Долгим молчанием помог он Терентию уйти в его мир, и, когда уход завершился, глаза Терентия, как бы сморгнув пепел, заблестели.

— Ты, Андрияш, уж прости меня, на старости лет чего только не придет в голову…

— Ладно, не сужу не ряжу. Поднарядись, пойдем к Аленке.

Терентий вышел из горницы прямо-таки молодцом — кремовая рубашка с рукавами выше локтей забрана темными брюками, отглаженными в стрелку, чуть напущенными на сапоги, а голенища мягких сапог отвернуты белым подкладом наружу. Чуб наискось нависал на правую бровь.

Братья шли к сестре, подлаживаясь шагом, легко.

VII

Перед закатом к дому Мефодия Кулаткина подъехал газик. Мефодий накинул пиджак на плечи, мягким шагом вышел в сени, просовывая руки в рукава.

В калитку входил Федор Токин, весь широкий — плечами, грудью, лукаво-умным лицом. Улыбаясь с секретом, сказал, что «сам» тут и вроде нету его — одновременно.

Мефодий поднял палец, строжая, встряхнул головой и, балансируя на носках, как бы боясь разбудить кого-то чутко задремавшего, слетал в дом и вынес ящик. Федор хотел перехватить ящик, но Мефодий плечом отстранил его, улыбнувшись, понес ящик к машине.

— Армянский, — сказал он. — Одну бутылку заначь себе. Где сам-то? — спросил он, подмигивая.

— Не велел сказывать… Я у тебя, Мефодий Елисеевич, не был… Вроде случайно с коньяком заехал к нему. Сам не пьет, да гости к нему нагрянули.

— Я понял.

Мефодий знал места отдыха Андрияна Толмачева в своих землях: или на пасеке, или у егеря на Сулаке, где успокаивают и веселят огромные луга с протоками. Слыхал, будто Толмачев вместе с генералом, командующим округом, летал на вертолете бить гусей на озерах или сайгаков в степи. Туда приезжал знаменитый песенник на двух машинах, засаливал гусей в кадушках, вез домой.

— У егеря Андриян Ерофеич? Поди, уж орошаемой станции земледелец Ахмет и кумысники там? И райкомовцы?

— Да к кому ты ревнуешь? Кто они, райкомовцы, без нашего хозяйства?

— Потому что я ценю старика, а им лишь представиться. Полезут с докуками: еще бы ферму построить, машины бы подкинул. Налетели? И Узюкова Люда там?

— Пока нет, но будут. Это уж как водится. К самому она вхожа…

— Ну и люди, едят хрен на блюде. Уж я-то не навялюсь, если не позовет. Хотя и люблю его больше отца родного. Ты послушай разговоры.

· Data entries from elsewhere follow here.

Let nuTS l : (0 < l < i)%N ->
  nu (T l.+1) = (q l)%:R * nu (T l) + ((qprod q l)%:R)^-1 * ((p l.+1)%:R / (q l.+1)%:R).
Proof. by case: hist => _ _ _ _ /(_ l) + li; case/(_ li). Qed.

Let T_neq0 l : (l <= i)%N -> T l != 0.
Proof. by case: hist => _ + _ _ _; apply. Qed.

Lemma ncond_exists : exists nn, ncond nu T q i nn.
Proof. exact: (jump_repr_exists (w := fun j => nu (T j)) nuT0 nuT1 pq_coprime nuTS i_gt0). Qed.

Lemma ncond_unique nn1 nn2 : ncond nu T q i nn1 -> ncond nu T q i nn2 ->
  forall j, (j < i)%N -> nn1 j = nn2 j.
Proof.
move=> [lt1 E1] [lt2 E2].
apply: (jump_repr_unique (w := fun j => nu (T j)) nuT0 nuT1 pq_coprime nuTS i_gt0 lt1 lt2).
by rewrite -E1 -E2.
Qed.

Lemma ncond_head_gt0 l nn : (0 < l <= i)%N -> ncond nu T q l nn -> (0 < nn 0%N)%N.
Proof.
move=> l_range [nn_lt wE].
exact: (jump_repr_head_gt0 (w := fun j => nu (T j)) nuT0 nuT1 pq_coprime nuTS i_gt0
  l_range nn_lt wE).
Qed.

Lemma jump_ratio_valuation nn : ncond nu T q i nn ->
  jump_ratio T q i nn != 0 /\ nu (jump_ratio T q i nn) = 0.
Proof.
move=> [_ nuE].
have [P0 nuP] := valuation_mprod Hnu nn (fun j ji => T_neq0 (ltnW ji)).
have Tq0 : T i ^+ q i != 0 by rewrite expf_neq0 ?T_neq0.
rewrite /jump_ratio mulf_neq0 ?invr_eq0 //; split=> //.
rewrite (valuationM Hnu) ?invr_eq0 // (valuationV Hnu) // (valuationX Hnu) ?T_neq0 //.
by rewrite nuP -nuE subrr.
Qed.

Lemma jump_residue_exists nn : ncond nu T q i nn ->
  exists lam_i, is_residue iota nu (jump_ratio T q i nn) lam_i.
Proof. by move=> /jump_ratio_valuation [_ nu0]; apply: resk; right; rewrite nu0. Qed.

(* T_(i+1) is congruent modulo x to a power of y, and no power of y lies in xS. *)
Lemma next_jump_neq0 nn lam_i : ncond nu T q i nn ->
  T i ^+ q i - iota lam_i * mprod T i nn != 0.
Proof.
move=> Hnn; have [[T0 T1] _ _ _ TS] := hist; have [_ Sx Sy _ _] := Hreg.
have TS' l : (0 < l < i)%N ->
    T l.+1 = T l ^+ q l - iota (lam l) * mprod T l (n l) /\ (0 < n l 0%N)%N.
  move=> l_range; have [nc _ TlE _] := TS l l_range; split=> //.
  by apply: (ncond_head_gt0 _ nc); case/andP: l_range => -> /ltnW ->.
have [ST congr_i] := jumping_congr HS Sx Sy T0 T1 TS' (leqnn i).
have [e congr_e] := congr_i i_gt0.
have nn0 : (0 < nn 0%N)%N by apply: (ncond_head_gt0 _ Hnn); rewrite i_gt0 leqnn.
have [_ [c Sc cE]] := next_jump_congr HS Sx Sy (q i) lam_i T0 i_gt0 nn0 ST congr_e.
apply/eqP => T'0; move: cE; rewrite T'0 sub0r => /(congr1 -%R); rewrite opprK -mulrN => yE.
by move: (y_pow_not_dvd (e * q i) (subringN HS Sc)); rewrite yE eqxx.
Qed.

Lemma next_jump_valuation nn lam_i :
  ncond nu T q i nn -> is_residue iota nu (jump_ratio T q i nn) lam_i ->
  exists p' q' : nat, [/\ (0 < p')%N, (0 < q')%N, coprime p' q' &
    nu (T i ^+ q i - iota lam_i * mprod T i nn) =
      (q i)%:R * nu (T i) + ((qprod q i)%:R)^-1 * (p'%:R / q'%:R)].
Proof.
move=> Hnn res; have [_ nuE] := Hnn.
have [P0 nuP] := valuation_mprod Hnu nn (fun j ji => T_neq0 (ltnW ji)).
have T'E : T i ^+ q i - iota lam_i * mprod T i nn =
    mprod T i nn * (jump_ratio T q i nn - iota lam_i).
  by rewrite /jump_ratio mulrBr mulrCA divff // mulr1 mulrC.
have D0 : jump_ratio T q i nn - iota lam_i != 0.
  by apply: contraNneq (next_jump_neq0 lam_i Hnn) => D0; rewrite T'E D0 mulr0.
have D_gt0 : 0 < nu (jump_ratio T q i nn - iota lam_i).
  by case: res => [/eqP|//]; rewrite (negbTE D0).
have E_gt0 : 0 < (qprod q i)%:R :> rat by rewrite ltr0n (qprod_gt0 pq_coprime (leqnn i)).
have [p' [q' [p'_gt0 q'_gt0 cop pqE]]] := pos_rat_frac (mulr_gt0 E_gt0 D_gt0).
exists p', q'; split=> //.
by rewrite T'E (valuationM Hnu) // nuP -nuE -pqE mulKf ?gt_eqF.
Qed.

End JumpingPolynomials.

— А какие особые разговоры, если гостюет он у своей сестры Алены? И эти три апостола при нем: Филя, Тереха и твой батя Елисей Яковлевич. Уманить его от этой троицы вряд ли удастся. Одно хорошо: на нашей земле. Давайте-ка подумаем, Елисеич, сабантуй повеселее, порадовать надо глобального деда.

Мефодий сбегал в сарай, вернулся с брезентовым мешком.

— Сетка. Поставь в заповеднике оглядошно, утайно.

— Да ведь Андриян-то Ерофеич головы нам оторвет.

— Его эта сетка… с прошлого лета, — неожиданно легко слукавил Мефодий. — Только того… ничего не знаешь, Федя. Действуй на свой риск и страх. Очень уж хочется угостить старика крупненькой…

«Не ехать — скажет: «Какой ты хозяин, если не знаешь, на твоих землях нахожусь». Поехать — спросит: «А ты зачем? И что вы не дадите минуты одному побыть?» Поеду… Выклянчу кое-что для моих овечушек-косматушек. Заодно посоветуюсь: держаться за орошаемую станцию или расстаться с нею?»

Мефодий проехал на газике по свежей плотине на притоке Сулака, свернул на давний трехтропный путь — два накатали колеса, а средний проторили кони. Высокая на гривках, хлестала трава по машине.

Мефодий остановил машину за домом Алены у березняка, вылез и, улыбаясь, направился к мужикам, расположившимся на полянке перед домом — кто на завалинке, кто на бревне, кто на земле. Андриян сидел на бревне между Филиппом и Елисеем. — Филипп был в опрятном пиджаке и сапогах, Елисей в куртке с молнией, в берете набекрень. Терентий сидел позади брата, скрестив на груди руки. Из окна выглядывала Алена, медно светясь загорелым лицом.

Настроение уверенности, бодрости овладевало Мефодием всегда при взгляде на Андрияна Толмачева, и особенно сильное впечатление производили на него конференции, совещания, где собирались такие вот отобранные жизнью, просеянные через редкое решето опыта люди.